Work instruction: Where the records below show a line containing "Lemma foldr_minS_mem (T", start copying; end with the line containing "by rewrite -(eq_d r) => + [->].", and copy it too.

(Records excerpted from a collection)
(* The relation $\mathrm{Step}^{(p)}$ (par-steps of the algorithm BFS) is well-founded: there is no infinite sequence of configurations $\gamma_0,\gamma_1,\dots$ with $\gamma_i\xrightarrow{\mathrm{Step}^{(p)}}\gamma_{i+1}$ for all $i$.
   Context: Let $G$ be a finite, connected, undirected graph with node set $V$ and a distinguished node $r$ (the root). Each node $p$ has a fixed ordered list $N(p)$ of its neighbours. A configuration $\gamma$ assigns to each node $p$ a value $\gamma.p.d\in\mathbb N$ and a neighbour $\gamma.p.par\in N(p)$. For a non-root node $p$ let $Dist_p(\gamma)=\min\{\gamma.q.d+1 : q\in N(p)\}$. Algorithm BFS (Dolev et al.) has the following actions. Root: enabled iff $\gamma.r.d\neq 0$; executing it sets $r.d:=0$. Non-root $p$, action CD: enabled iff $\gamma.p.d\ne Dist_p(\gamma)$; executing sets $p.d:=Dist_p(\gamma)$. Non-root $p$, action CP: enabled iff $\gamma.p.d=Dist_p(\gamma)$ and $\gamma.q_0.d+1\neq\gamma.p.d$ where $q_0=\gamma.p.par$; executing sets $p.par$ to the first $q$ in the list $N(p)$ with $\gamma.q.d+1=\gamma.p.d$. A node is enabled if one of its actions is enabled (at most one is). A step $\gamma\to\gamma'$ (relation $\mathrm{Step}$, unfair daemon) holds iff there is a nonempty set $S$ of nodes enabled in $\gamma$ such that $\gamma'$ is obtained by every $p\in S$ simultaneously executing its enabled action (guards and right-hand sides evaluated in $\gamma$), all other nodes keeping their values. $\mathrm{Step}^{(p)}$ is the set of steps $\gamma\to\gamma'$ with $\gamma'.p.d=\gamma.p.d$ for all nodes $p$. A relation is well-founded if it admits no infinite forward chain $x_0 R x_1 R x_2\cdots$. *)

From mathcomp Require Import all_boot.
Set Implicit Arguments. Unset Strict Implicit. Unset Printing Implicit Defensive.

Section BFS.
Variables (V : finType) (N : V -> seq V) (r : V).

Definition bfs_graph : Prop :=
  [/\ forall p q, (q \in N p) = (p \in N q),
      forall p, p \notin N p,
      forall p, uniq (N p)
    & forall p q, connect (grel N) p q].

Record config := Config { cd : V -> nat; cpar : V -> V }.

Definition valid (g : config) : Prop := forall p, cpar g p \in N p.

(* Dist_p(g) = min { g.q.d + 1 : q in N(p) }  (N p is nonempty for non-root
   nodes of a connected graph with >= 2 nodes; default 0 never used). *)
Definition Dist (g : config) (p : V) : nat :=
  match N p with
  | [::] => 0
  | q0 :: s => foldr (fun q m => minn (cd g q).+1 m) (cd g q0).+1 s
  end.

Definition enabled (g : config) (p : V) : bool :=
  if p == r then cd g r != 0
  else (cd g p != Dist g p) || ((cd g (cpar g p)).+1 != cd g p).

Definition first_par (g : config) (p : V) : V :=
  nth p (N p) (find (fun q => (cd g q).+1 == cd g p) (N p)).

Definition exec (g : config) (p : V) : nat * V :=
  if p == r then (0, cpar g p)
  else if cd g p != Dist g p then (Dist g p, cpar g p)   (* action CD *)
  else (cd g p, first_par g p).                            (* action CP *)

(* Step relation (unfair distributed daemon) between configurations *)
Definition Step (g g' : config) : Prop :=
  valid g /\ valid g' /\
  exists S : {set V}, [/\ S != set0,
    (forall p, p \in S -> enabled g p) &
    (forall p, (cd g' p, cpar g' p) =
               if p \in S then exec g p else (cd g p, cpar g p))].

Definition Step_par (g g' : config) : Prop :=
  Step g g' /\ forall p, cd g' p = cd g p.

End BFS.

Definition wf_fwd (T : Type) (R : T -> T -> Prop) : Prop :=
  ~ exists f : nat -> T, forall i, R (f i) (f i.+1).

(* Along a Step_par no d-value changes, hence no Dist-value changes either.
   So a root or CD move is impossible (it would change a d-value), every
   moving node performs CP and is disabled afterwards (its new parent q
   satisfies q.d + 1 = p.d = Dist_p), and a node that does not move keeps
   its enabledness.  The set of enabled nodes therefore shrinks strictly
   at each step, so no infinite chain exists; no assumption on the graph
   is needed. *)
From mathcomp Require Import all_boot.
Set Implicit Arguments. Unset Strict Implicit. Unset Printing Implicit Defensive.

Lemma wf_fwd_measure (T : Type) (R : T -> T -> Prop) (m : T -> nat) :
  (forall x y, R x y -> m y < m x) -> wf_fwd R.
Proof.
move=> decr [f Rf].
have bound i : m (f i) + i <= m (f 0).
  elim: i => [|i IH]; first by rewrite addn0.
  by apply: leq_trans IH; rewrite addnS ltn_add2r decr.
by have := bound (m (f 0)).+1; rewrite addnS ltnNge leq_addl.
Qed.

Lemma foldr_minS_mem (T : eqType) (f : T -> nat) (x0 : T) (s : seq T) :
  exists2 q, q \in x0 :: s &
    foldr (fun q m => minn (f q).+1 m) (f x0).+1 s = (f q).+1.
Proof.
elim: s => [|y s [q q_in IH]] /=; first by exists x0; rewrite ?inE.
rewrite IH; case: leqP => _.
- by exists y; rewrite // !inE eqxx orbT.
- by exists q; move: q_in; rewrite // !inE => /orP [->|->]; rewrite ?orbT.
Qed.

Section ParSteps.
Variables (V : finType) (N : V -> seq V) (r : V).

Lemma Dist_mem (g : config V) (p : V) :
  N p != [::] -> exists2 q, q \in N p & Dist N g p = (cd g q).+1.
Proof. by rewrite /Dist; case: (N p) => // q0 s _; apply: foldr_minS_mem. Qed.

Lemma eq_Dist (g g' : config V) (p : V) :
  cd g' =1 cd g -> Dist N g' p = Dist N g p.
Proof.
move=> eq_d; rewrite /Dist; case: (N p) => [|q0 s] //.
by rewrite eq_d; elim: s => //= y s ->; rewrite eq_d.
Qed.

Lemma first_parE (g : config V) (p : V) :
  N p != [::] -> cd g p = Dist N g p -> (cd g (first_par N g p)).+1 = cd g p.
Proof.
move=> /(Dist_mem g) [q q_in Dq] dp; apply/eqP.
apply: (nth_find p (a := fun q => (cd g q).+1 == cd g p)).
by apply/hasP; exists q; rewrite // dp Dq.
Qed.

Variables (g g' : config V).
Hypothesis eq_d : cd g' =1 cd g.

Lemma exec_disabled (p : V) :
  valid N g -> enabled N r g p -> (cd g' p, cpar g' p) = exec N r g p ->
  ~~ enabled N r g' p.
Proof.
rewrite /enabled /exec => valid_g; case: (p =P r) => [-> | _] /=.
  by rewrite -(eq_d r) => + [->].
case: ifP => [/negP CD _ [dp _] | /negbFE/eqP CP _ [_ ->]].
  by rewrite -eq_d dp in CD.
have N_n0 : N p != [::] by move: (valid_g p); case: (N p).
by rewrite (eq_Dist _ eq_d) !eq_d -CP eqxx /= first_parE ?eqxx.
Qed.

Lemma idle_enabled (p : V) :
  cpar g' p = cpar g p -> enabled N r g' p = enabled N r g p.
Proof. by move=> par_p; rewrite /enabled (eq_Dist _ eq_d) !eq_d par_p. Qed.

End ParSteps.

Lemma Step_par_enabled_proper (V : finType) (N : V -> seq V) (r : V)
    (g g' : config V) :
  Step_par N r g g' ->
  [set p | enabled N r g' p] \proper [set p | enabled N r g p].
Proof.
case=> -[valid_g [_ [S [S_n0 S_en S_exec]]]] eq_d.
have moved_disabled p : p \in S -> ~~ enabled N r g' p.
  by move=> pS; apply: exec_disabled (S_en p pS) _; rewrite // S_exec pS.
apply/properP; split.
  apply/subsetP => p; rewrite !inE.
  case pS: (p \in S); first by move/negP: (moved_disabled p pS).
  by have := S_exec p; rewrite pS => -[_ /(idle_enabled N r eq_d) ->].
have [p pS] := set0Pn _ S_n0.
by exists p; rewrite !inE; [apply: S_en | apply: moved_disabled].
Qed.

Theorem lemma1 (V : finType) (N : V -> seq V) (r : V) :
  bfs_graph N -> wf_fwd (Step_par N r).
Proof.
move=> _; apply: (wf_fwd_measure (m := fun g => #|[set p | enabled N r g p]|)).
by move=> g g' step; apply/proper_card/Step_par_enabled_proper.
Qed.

Exercise answer:
Lemma foldr_minS_mem (T : eqType) (f : T -> nat) (x0 : T) (s : seq T) :
  exists2 q, q \in x0 :: s &
    foldr (fun q m => minn (f q).+1 m) (f x0).+1 s = (f q).+1.
Proof.
elim: s => [|y s [q q_in IH]] /=; first by exists x0; rewrite ?inE.
rewrite IH; case: leqP => _.
- by exists y; rewrite // !inE eqxx orbT.
- by exists q; move: q_in; rewrite // !inE => /orP [->|->]; rewrite ?orbT.
Qed.

Section ParSteps.
Variables (V : finType) (N : V -> seq V) (r : V).

Lemma Dist_mem (g : config V) (p : V) :
  N p != [::] -> exists2 q, q \in N p & Dist N g p = (cd g q).+1.
Proof. by rewrite /Dist; case: (N p) => // q0 s _; apply: foldr_minS_mem. Qed.

Lemma eq_Dist (g g' : config V) (p : V) :
  cd g' =1 cd g -> Dist N g' p = Dist N g p.
Proof.
move=> eq_d; rewrite /Dist; case: (N p) => [|q0 s] //.
by rewrite eq_d; elim: s => //= y s ->; rewrite eq_d.
Qed.

Lemma first_parE (g : config V) (p : V) :
  N p != [::] -> cd g p = Dist N g p -> (cd g (first_par N g p)).+1 = cd g p.
Proof.
move=> /(Dist_mem g) [q q_in Dq] dp; apply/eqP.
apply: (nth_find p (a := fun q => (cd g q).+1 == cd g p)).
by apply/hasP; exists q; rewrite // dp Dq.
Qed.

Variables (g g' : config V).
Hypothesis eq_d : cd g' =1 cd g.

Lemma exec_disabled (p : V) :
  valid N g -> enabled N r g p -> (cd g' p, cpar g' p) = exec N r g p ->
  ~~ enabled N r g' p.
Proof.
rewrite /enabled /exec => valid_g; case: (p =P r) => [-> | _] /=.
  by rewrite -(eq_d r) => + [->].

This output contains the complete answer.